Traceback (most recent call last):
  File "/Users/tomasz/github/t-kalinowski/deep_learning_with_r_3e/bug2.py", line 27, in <module>
    gemma_lm = keras_hub.models.GemmaCausalLM.from_preset("gemma_2b_en")
               ^^^^^^^^^^^^^^^^^^^^^^^^^^^^^^^^^^^^^^^^^^^^^^^^^^^^^^^^^
  File "/Users/tomasz/.cache/uv/environments-v2/bug2-977c5b9b87b33b67/lib/python3.11/site-packages/keras_hub/src/models/task.py", line 198, in from_preset
    return loader.load_task(cls, load_weights, load_task_weights, **kwargs)
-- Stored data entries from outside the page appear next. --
(* Let $Z$ be a uniform read-$d$-times NBP and let $X\subseteq V(Z)$ separate two disjoint subsets $Y_1,Y_2$ of $Vars(Z)$. Let $Y'_1\subseteq Y_1$, $Y'_2\subseteq Y_2$, let $S$ be an assignment (set of literals) to $Vars(Z)\setminus(Y_1\cup Y_2)$, and let $Q',Q''$ be computational paths of $Z$ passing through all vertices of $X$ with $S\subseteq A(Q')\cap A(Q'')$, such that $Q'$ assigns all variables of $Y'_1$ negatively and $Q''$ assigns all variables of $Y'_2$ negatively. Then there is a computational path $Q^*$ of $Z$ passing through all vertices of $X$ with $S\subseteq A(Q^* )$ that assigns all variables of $Y'_1\cup Y'_2$ negatively.
   Context: An NBP $Z$ is a directed acyclic multigraph with one source and one sink, some edges labelled with literals; $Vars(Z)$ is the set of variables labelling edges. A source-sink path $P$ is computational if no variable occurs on it with both signs; $A(P)$ is the set of literals labelling its edges; $P$ assigns a variable $y$ negatively if $\neg y\in A(P)$. Read-$d$-times: each variable labels at most $d$ edges of each source-sink path; uniform: exactly $d$. A partition of a path $P$ is a sequence $P_1,\dots,P_c$ of subpaths with $P_1$ a prefix, $P_c$ a suffix, and the first vertex of $P_i$ equal to the last vertex of $P_{i-1}$; the set $X$ of the ends of $P_1,\dots,P_{c-1}$ generates this partition. A set $X\subseteq V(Z)$ not containing the source or sink separates disjoint sets $Y_1,Y_2$ of variables if there is a computational path $P$ through all vertices of $X$ such that, in the partition $P_1,\dots,P_{|X|+1}$ generated by $X$ on $P$, either variables of $Y_1$ label edges only of $P_i$ with $i$ odd and variables of $Y_2$ only of $P_i$ with $i$ even, or vice versa. *)

From mathcomp Require Import all_boot.
Set Implicit Arguments. Unset Strict Implicit. Unset Printing Implicit Defensive.

(* A literal over variables of type Var is a pair (x, b): b = true is the
   positive literal x, b = false is the negative literal ~x. *)
Definition literal (Var : finType) := (Var * bool)%type.

(* The data of a labelled directed multigraph with distinguished source and
   sink: edge e goes from [tl e] to [hd e]; [lab e = None] means unlabelled. *)
Record nbp (Var : finType) := NBP {
  vtx : finType;
  edge : finType;
  tl : edge -> vtx;
  hd : edge -> vtx;
  lab : edge -> option (literal Var);
  src : vtx;
  snk : vtx }.

Section NBPDefs.
Variable Var : finType.
Variable Z : nbp Var.

Local Notation V := (vtx Z).
Local Notation E := (edge Z).

Fixpoint is_walk (u : V) (p : seq E) : bool :=
  match p with
  | [::] => true
  | e :: p' => (tl e == u) && is_walk (hd e) p'
  end.

Definition walk_vertices (u : V) (p : seq E) : seq V := u :: map (@hd _ Z) p.

Definition is_source (v : V) : Prop := forall e : E, hd e <> v.
Definition is_sink (v : V) : Prop := forall e : E, tl e <> v.

Definition nbp_wf : Prop :=
  (forall (v : V) (p : seq E), is_walk v p -> last v (map (@hd _ Z) p) = v ->
      p = [::]) /\
  (forall v : V, is_source v <-> v = src Z) /\
  (forall v : V, is_sink v <-> v = snk Z).

Definition st_path (p : seq E) : bool :=
  is_walk (src Z) p && (last (src Z) (map (@hd _ Z) p) == snk Z).

Definition var_of (e : E) : option Var := omap fst (lab e).

Definition Vars : {set Var} := [set x | [exists e, var_of e == Some x]].

Definition lits (p : seq E) : {set literal Var} :=
  [set l | has (fun e => lab e == Some l) p].

Definition computational (p : seq E) : bool :=
  [forall x : Var, ~~ (((x, true) \in lits p) && ((x, false) \in lits p))].

Definition assigns_neg (p : seq E) (x : Var) : bool := (x, false) \in lits p.

Definition uniform_read (d : nat) : Prop :=
  forall p : seq E, st_path p ->
    forall x : Var, x \in Vars -> count (fun e => var_of e == Some x) p = d.

Definition through (X : {set V}) (p : seq E) : bool :=
  [forall x in X, x \in walk_vertices (src Z) p].

(* The partition of a path generated by X: the path is cut at every visited
   vertex of X.  [split_at X p] is the list [P_1; ...; P_c] of subpaths. *)
Fixpoint split_at (X : {set V}) (p : seq E) : seq (seq E) :=
  match p with
  | [::] => [:: [::]]
  | e :: p' =>
      let r := split_at X p' in
      if hd e \in X then [:: e] :: r
      else match r with
           | c :: r' => (e :: c) :: r'
           | [::] => [:: [:: e]]
           end
  end.

(* In the partition, variables of A label edges only of P_i with i odd and
   variables of B only of P_i with i even (P_i is the (i-1)-th element,
   0-based, of [split_at X p]). *)
Definition odd_even_split (X : {set V}) (p : seq E) (A B : {set Var}) : Prop :=
  forall (i : nat) (e : E), e \in nth [::] (split_at X p) i ->
    forall x : Var, var_of e = Some x ->
      (x \in A -> odd i.+1) /\ (x \in B -> ~~ odd i.+1).

Definition separates (X : {set V}) (Y1 Y2 : {set Var}) : Prop :=
  src Z \notin X /\ snk Z \notin X /\
  exists p : seq E, [/\ st_path p, computational p, through X p &
    odd_even_split X p Y1 Y2 \/ odd_even_split X p Y2 Y1].

End NBPDefs.

Definition is_assignment (Var : finType) (S : {set literal Var}) (W : {set Var})
  : Prop :=
  (forall l, l \in S -> l.1 \in W) /\
  (forall x, x \in W -> ((x, true) \in S) || ((x, false) \in S)) /\
  (forall x, ~~ (((x, true) \in S) && ((x, false) \in S))).

From mathcomp Require Import all_boot zify.
Set Implicit Arguments. Unset Strict Implicit. Unset Printing Implicit Defensive.

(* Cutting two source-sink paths through all of X at their visits to X gives
   blocks that pairwise start and end at the same vertices, since acyclicity
   forces both paths to visit X in the same order.  Hence any choice of blocks
   from either path is again a source-sink path through X.  Uniform reading
   makes a variable occurring in block i of one such path occur in block i of
   every other (exchanging that single block would otherwise change its number
   of occurrences), so the parity colouring of the separating path governs the
   blocks of Q' and Q''.  Taking the blocks that may carry Y1 from Q' and the
   others from Q'' gives Q*: its Y1-literals are those of Q', its Y2-literals
   those of Q'', and every other variable is read with the sign fixed by S. *)

Section Splice.
Variable T : Type.

Fixpoint splice (c : nat -> bool) (r1 r2 : seq (seq T)) : seq T :=
  match r1, r2 with
  | s1 :: r1', s2 :: r2' =>
      (if c 0 then s1 else s2) ++ splice (fun n => c n.+1) r1' r2'
  | _, _ => [::]
  end.

Lemma splice_all_l (c : nat -> bool) r1 r2 :
  size r1 = size r2 -> (forall j, c j) -> splice c r1 r2 = flatten r1.
Proof.
elim: r1 r2 c => [|s1 r1 IH] [|s2 r2] c //= [Hs] Hc.
by rewrite Hc (IH r2).
Qed.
           ^^^^^^^^^^^^^^^^^^^^^^^^^^^^^^^^^^^^^^^^^^^^^^^^^^^^^^^^^^^^^^^^
  File "/Users/tomasz/.cache/uv/environments-v2/bug2-977c5b9b87b33b67/lib/python3.11/site-packages/keras_hub/src/utils/preset_utils.py", line 670, in load_task
    return super().load_task(
           ^^^^^^^^^^^^^^^^^^
  File "/Users/tomasz/.cache/uv/environments-v2/bug2-977c5b9b87b33b67/lib/python3.11/site-packages/keras_hub/src/utils/preset_utils.py", line 618, in load_task
    kwargs["backbone"] = self.load_backbone(
                         ^^^^^^^^^^^^^^^^^^^
  File "/Users/tomasz/.cache/uv/environments-v2/bug2-977c5b9b87b33b67/lib/python3.11/site-packages/keras_hub/src/utils/preset_utils.py", line 648, in load_backbone
    backbone.load_weights(get_file(self.preset, MODEL_WEIGHTS_FILE))
  File "/Users/tomasz/.cache/uv/environments-v2/bug2-977c5b9b87b33b67/lib/python3.11/site-packages/keras/src/utils/traceback_utils.py", line 122, in error_handler
    raise e.with_traceback(filtered_tb) from None
  File "/Users/tomasz/.cache/uv/environments-v2/bug2-977c5b9b87b33b67/lib/python3.11/site-packages/keras/src/saving/saving_lib.py", line 631, in _raise_loading_failure
    raise ValueError(msg)
ValueError: A total of 127 objects could not be loaded. Example error message for object <ReversibleEmbedding name=token_embedding, built=True>:

Layer 'token_embedding' expected 1 variables, but received 0 variables during loading. Expected: ['embeddings']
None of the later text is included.